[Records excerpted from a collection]
——
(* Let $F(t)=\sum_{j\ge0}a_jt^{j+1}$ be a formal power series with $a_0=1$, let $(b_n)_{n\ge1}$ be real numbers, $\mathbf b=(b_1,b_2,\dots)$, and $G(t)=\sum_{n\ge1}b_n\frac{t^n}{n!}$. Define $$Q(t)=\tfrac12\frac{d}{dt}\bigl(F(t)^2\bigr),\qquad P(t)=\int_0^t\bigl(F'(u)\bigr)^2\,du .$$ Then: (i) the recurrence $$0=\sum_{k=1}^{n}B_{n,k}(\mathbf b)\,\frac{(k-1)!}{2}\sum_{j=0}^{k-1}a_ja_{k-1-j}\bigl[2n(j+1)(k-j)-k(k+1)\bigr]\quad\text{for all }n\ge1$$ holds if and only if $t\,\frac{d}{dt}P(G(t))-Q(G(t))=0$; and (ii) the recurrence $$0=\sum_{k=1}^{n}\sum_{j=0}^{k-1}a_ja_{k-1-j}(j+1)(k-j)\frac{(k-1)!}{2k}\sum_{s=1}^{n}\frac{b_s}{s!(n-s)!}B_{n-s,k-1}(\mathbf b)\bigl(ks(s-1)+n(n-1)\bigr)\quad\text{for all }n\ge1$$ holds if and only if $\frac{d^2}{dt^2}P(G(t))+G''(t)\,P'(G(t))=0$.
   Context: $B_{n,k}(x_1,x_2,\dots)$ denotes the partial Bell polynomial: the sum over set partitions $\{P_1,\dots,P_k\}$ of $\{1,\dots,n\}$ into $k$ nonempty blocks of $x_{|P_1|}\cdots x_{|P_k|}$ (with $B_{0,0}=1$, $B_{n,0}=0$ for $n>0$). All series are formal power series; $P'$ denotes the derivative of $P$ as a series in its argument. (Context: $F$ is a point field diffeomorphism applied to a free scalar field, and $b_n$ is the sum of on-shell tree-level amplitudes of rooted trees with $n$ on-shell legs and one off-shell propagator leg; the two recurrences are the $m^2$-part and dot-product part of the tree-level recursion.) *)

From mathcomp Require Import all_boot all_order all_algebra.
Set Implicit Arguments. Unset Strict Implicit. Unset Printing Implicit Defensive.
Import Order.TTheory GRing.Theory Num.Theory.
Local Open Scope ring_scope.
——
TASK INSTRUCTIONS >>
Wherever the string "Import" appears in the entries above, return the line it appears on.

REPLY TO THE TASK >>
From mathcomp Require Import all_boot all_order all_algebra.
Import Order.TTheory GRing.Theory Num.Theory.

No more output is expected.